This pipeline was built and deployed on Code Ocean, a cloud-based computational research platform. The pipeline leverages Code Ocean's containerized environment to ensure reproducible results across different computing environments.

Code Ocean documentation: https://docs.codeocean.com/user-guide

QC & Mapping Overview

The processing section of pipeline consists of the following sequential steps:

Step 1: QC Filtering & Doublet Detection

Quality control filtering and doublet detection with SOLO (Semi-supervised Outlier Detection).

Step 2: Cell Type Mapping

Perform MapMyCells cell type mapping.

Step 3: Combine Sections

Aggregate individual section-level AnnData files into a single combined dataset for whole-dataset analysis.

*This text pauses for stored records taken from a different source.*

(* For every rectangle $R \subset \mathbb{R}^2$, $$\textup{Var}\Big( \mathbb{P}\big( H_R \,|\, \eta \big) \Big) \, \leqslant \, \sum_{m=1}^n \mathbb{E}\big[ \textup{Inf}_m( f_R^\eta )^2 \big].$$
   Context: Let $R$ be a rectangle with sides parallel to the axes, let $\eta = \{\eta_1,\ldots,\eta_n\}$ be $n$ points chosen independently and uniformly at random in $R$, and let $\omega \colon \eta \to \{-1,1\}$ be a uniformly random colouring. The Voronoi cell of $u \in \eta$ is $C(u) = \{ x \in R : \|u - x\|_2 \leqslant \|v - x\|_2 \ \forall v \in \eta\}$; it is red if $\omega(u)=1$ and blue if $\omega(u)=-1$. $H_R$ is the event that there is a path in $R$ from its left-hand side to its right-hand side intersecting only red cells, and $f_R^\eta \colon \{-1,1\}^\eta \to \{0,1\}$ is the indicator function of $H_R$ for the tiling given by $\eta$. The influence is $\textup{Inf}_m(f_R^\eta) = \mathbb{P}( f_R^\eta(\omega) \neq f_R^\eta(\omega') \,|\, \eta )$, where $\omega'$ equals $\omega$ except that the colour of $\eta_m$ is flipped. *)

From HB Require Import structures.
From mathcomp Require Import all_boot all_order all_algebra.
From mathcomp Require Import all_classical all_reals all_analysis.
Set Implicit Arguments. Unset Strict Implicit. Unset Printing Implicit Defensive.
Import Order.TTheory GRing.Theory Num.Theory.
Import numFieldNormedType.Exports.
Local Open Scope classical_set_scope.
Local Open Scope ring_scope.

Section Voronoi.
Variable R : realType.

Definition rect (a b c d : R) : set (R * R) :=
  [set x | a <= x.1 <= b /\ c <= x.2 <= d].

Definition dist2 (u x : R * R) : R :=
  Num.sqrt ((u.1 - x.1) ^+ 2 + (u.2 - x.2) ^+ 2).

(* eta is the configuration of points eta_0, ..., eta_(n-1), given as a
   sequence (only used with size eta = n). *)
Definition pt (eta : seq (R * R)) (i : nat) : R * R := nth (0, 0) eta i.

Definition cell (a b c d : R) (n : nat) (eta : seq (R * R)) (m : 'I_n)
  : set (R * R) :=
  [set x | rect a b c d x /\
           forall v : 'I_n, dist2 (pt eta m) x <= dist2 (pt eta v) x].

(* Colourings: true = red (omega = 1), false = blue (omega = -1). *)
Definition colouring (n : nat) := {ffun 'I_n -> bool}.

Definition crossing (a b c d : R) (n : nat) (eta : seq (R * R))
  (omega : colouring n) : Prop :=
  exists gamma : R -> R * R,
    {within `[0, 1], continuous gamma} /\
    (forall t, t \in `[0, 1] -> rect a b c d (gamma t)) /\
    (gamma 0).1 = a /\ (gamma 1).1 = b /\
    forall t, t \in `[0, 1] -> forall m : 'I_n,
      cell a b c d eta m (gamma t) -> omega m = true.

Definition fR (a b c d : R) (n : nat) (eta : seq (R * R))
  (omega : colouring n) : bool := `[< crossing a b c d eta omega >].

Definition flip (n : nat) (m : 'I_n) (omega : colouring n) : colouring n :=
  [ffun i => if i == m then ~~ omega i else omega i].

Definition probH (a b c d : R) (n : nat) (eta : seq (R * R)) : R :=
  (#|[set omega : colouring n | fR a b c d eta omega]|)%:R / (2 ^ n)%:R.

Definition Inf (a b c d : R) (n : nat) (eta : seq (R * R)) (m : 'I_n) : R :=
  (#|[set omega : colouring n |
        fR a b c d eta omega != fR a b c d eta (flip m omega)]|)%:R
  / (2 ^ n)%:R.

Definition E_pt (a b c d : R) (F : R * R -> R) : R :=
  ((b - a) * (d - c))^-1 *
  Rintegral lebesgue_measure `[a, b]
    (fun x => Rintegral lebesgue_measure `[c, d] (fun y => F (x, y))).

(* Expectation of G(eta) for eta = (eta_1, ..., eta_k) i.i.d. uniform in
   the rectangle (iterated integral over the k points). *)
Fixpoint E_eta (a b c d : R) (k : nat) (G : seq (R * R) -> R) : R :=
  match k with
  | 0 => G [::]
  | k'.+1 => E_pt a b c d (fun p => E_eta a b c d k' (fun s => G (p :: s)))
  end.

Definition Var_eta (a b c d : R) (k : nat) (G : seq (R * R) -> R) : R :=
  E_eta a b c d k (fun eta => (G eta - E_eta a b c d k G) ^+ 2).

End Voronoi.

(* Resampling the points one at a time gives the Efron-Stein
   inequality [Var g <= sum_m E[D_m^2]] for any family [D_m] such that
   [|g(eta) - g(eta')| <= (D_m(eta) + D_m(eta'))/2] whenever [eta'] differs
   from [eta] only in its [m]-th point.  For [g = P(H_R | eta)] the
   influences [D_m = Inf_m] qualify: pairing each colouring with its flip at
   [eta_m], moving a blue [eta_m] cannot destroy a red crossing once [eta_m]
   is turned red, so the four crossing indicators involved change by at most
   the number of pivotal pairs.
   All expectations are iterated Lebesgue integrals, so the argument needs
   measurability throughout.  It comes from lower semicontinuity: a crossing
   survives small moves of the points (Voronoi cells move continuously and
   the crossing path is compact), and by Fatou's lemma integrals of bounded
   nonnegative lower semicontinuous functions are again lower semicontinuous.
   Differences of such functions form an algebra on which the iterated
   integrals are linear and monotone. *)

From mathcomp Require Import all_boot all_order all_algebra.
From mathcomp Require Import all_classical all_reals all_analysis.
From mathcomp Require Import measurable_realfun.
From mathcomp.algebra_tactics Require Import ring lra.
Import Order.TTheory GRing.Theory Num.Theory.
Import numFieldNormedType.Exports.
Local Open Scope classical_set_scope.
Local Open Scope ring_scope.
Set Implicit Arguments. Unset Strict Implicit. Unset Printing Implicit Defensive.

Section NonnegBoundedLsc.
Variable R : realType.
Notation mu := (@lebesgue_measure R).

(* Lower semicontinuity on the part [dom] of a parameter space [P] whose
   topology is given by the closeness relations [near del], [del > 0]. *)
Definition nonneg_bounded_lsc (P : Type) (dom : P -> Prop)
    (near : R -> P -> P -> Prop) (F : P -> R) :=
  [/\ forall p, dom p -> 0 <= F p,
      exists M, forall p, dom p -> F p <= M &
      forall p, dom p -> forall e, 0 < e -> exists2 del, 0 < del &
        forall p', dom p' -> near del p p' -> F p - e < F p'].

Definition near_real (del x y : R) := `|x - y| < del.

Definition near_prod (P : Type) (near : R -> P -> P -> Prop) del
    (py py' : P * R) :=
  near del py.1 py'.1 /\ near_real del py.2 py'.2.

Lemma near_real_refl del x : 0 < del -> near_real del x x.
Proof. by rewrite /near_real subrr normr0. Qed.

Lemma near_real_mono del del' x y :
  del <= del' -> near_real del x y -> near_real del' x y.
Proof. by rewrite /near_real => dd xy; exact: lt_le_trans xy dd. Qed.

Lemma near_prod_refl (P : Type) (near : R -> P -> P -> Prop) :
  (forall del p, 0 < del -> near del p p) ->
  forall del py, 0 < del -> near_prod near del py py.
Proof. by move=> nr del py d0; split; [exact: nr | exact: near_real_refl]. Qed.

Lemma near_prod_mono (P : Type) (near : R -> P -> P -> Prop) :
  (forall del del' p p', del <= del' -> near del p p' -> near del' p p') ->
  forall del del' py py', del <= del' ->
    near_prod near del py py' -> near_prod near del' py py'.
Proof.
move=> nm del del' py py' dd [h1 h2].
by split; [exact: nm h1 | exact: near_real_mono h2].
Qed.

Lemma nonneg_bounded_lsc_measurable (f : R -> R) :
  nonneg_bounded_lsc (fun _ => True) near_real f -> measurable_fun setT f.
Proof.
case=> _ _ lf; apply/measurable_EFinP; apply: lower_semicontinuous_measurable.
move=> x a /=; rewrite lte_fin => afx.
have /(lf x I) [del del0 H] : 0 < f x - a by rewrite subr_gt0.
exists (ball x del); first exact: nbhsx_ballx.
move=> y; rewrite -ball_normE /= => xy.
by rewrite lte_fin; have := H y I xy; rewrite opprB addrCA subrr addr0.
Qed.

Lemma lebesgue_measure_itv_lty (c d : R) : (mu `[c, d] < +oo)%E.
Proof.
by rewrite lebesgue_measure_itv; case: ifP => _ //; rewrite -EFinB ltry.
Qed.

Lemma nonneg_bounded_lsc_integrable (c d : R) (f : R -> R) :
  nonneg_bounded_lsc (fun _ => True) near_real f ->
  mu.-integrable `[c, d] (EFin \o f).
Proof.
move=> lf; have [f0 [M fM] _] := lf.
apply: measurable_bounded_integrable => //.
- exact: lebesgue_measure_itv_lty.
- exact: measurable_funS (nonneg_bounded_lsc_measurable lf).
- exists M; split; first by rewrite num_real.
  move=> r Mr x _ /=; rewrite ger0_norm ?f0 //.
  exact: le_trans (fM x I) (ltW Mr).
Qed.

Step 4: Add Cell Type Colors

Add color mappings for cell type classifications to AnnData objects using the ABC atlas color scheme.

Step 5: DoubleMAD Mapping Filtering

Perform quality control on cell type mapping results using Double Median Absolute Deviation (DoubleMAD) statistics to identify and filter cells with poor mapping confidence scores.

Step 6: Save Processing Results

Save final processed results from the pipeline and add final QC column.

Domain Detection Overview

The domain detection section of pipeline consists of the following sequential steps:

Step 1: Downsample Spot Table

Bin transcript spots and performs QC filtering.

Step 2: Run STAligner

Perform spatial alignment and integration of multiple tissue sections using STAligner.

Step 3: Leiden Clustering

Perform Leiden clustering with STAligner embeddings.

Step 4: Add Clusters to Cell-By-Gene

Map cluster assignments from downsampled STAligner gridded data to cell segmentation data.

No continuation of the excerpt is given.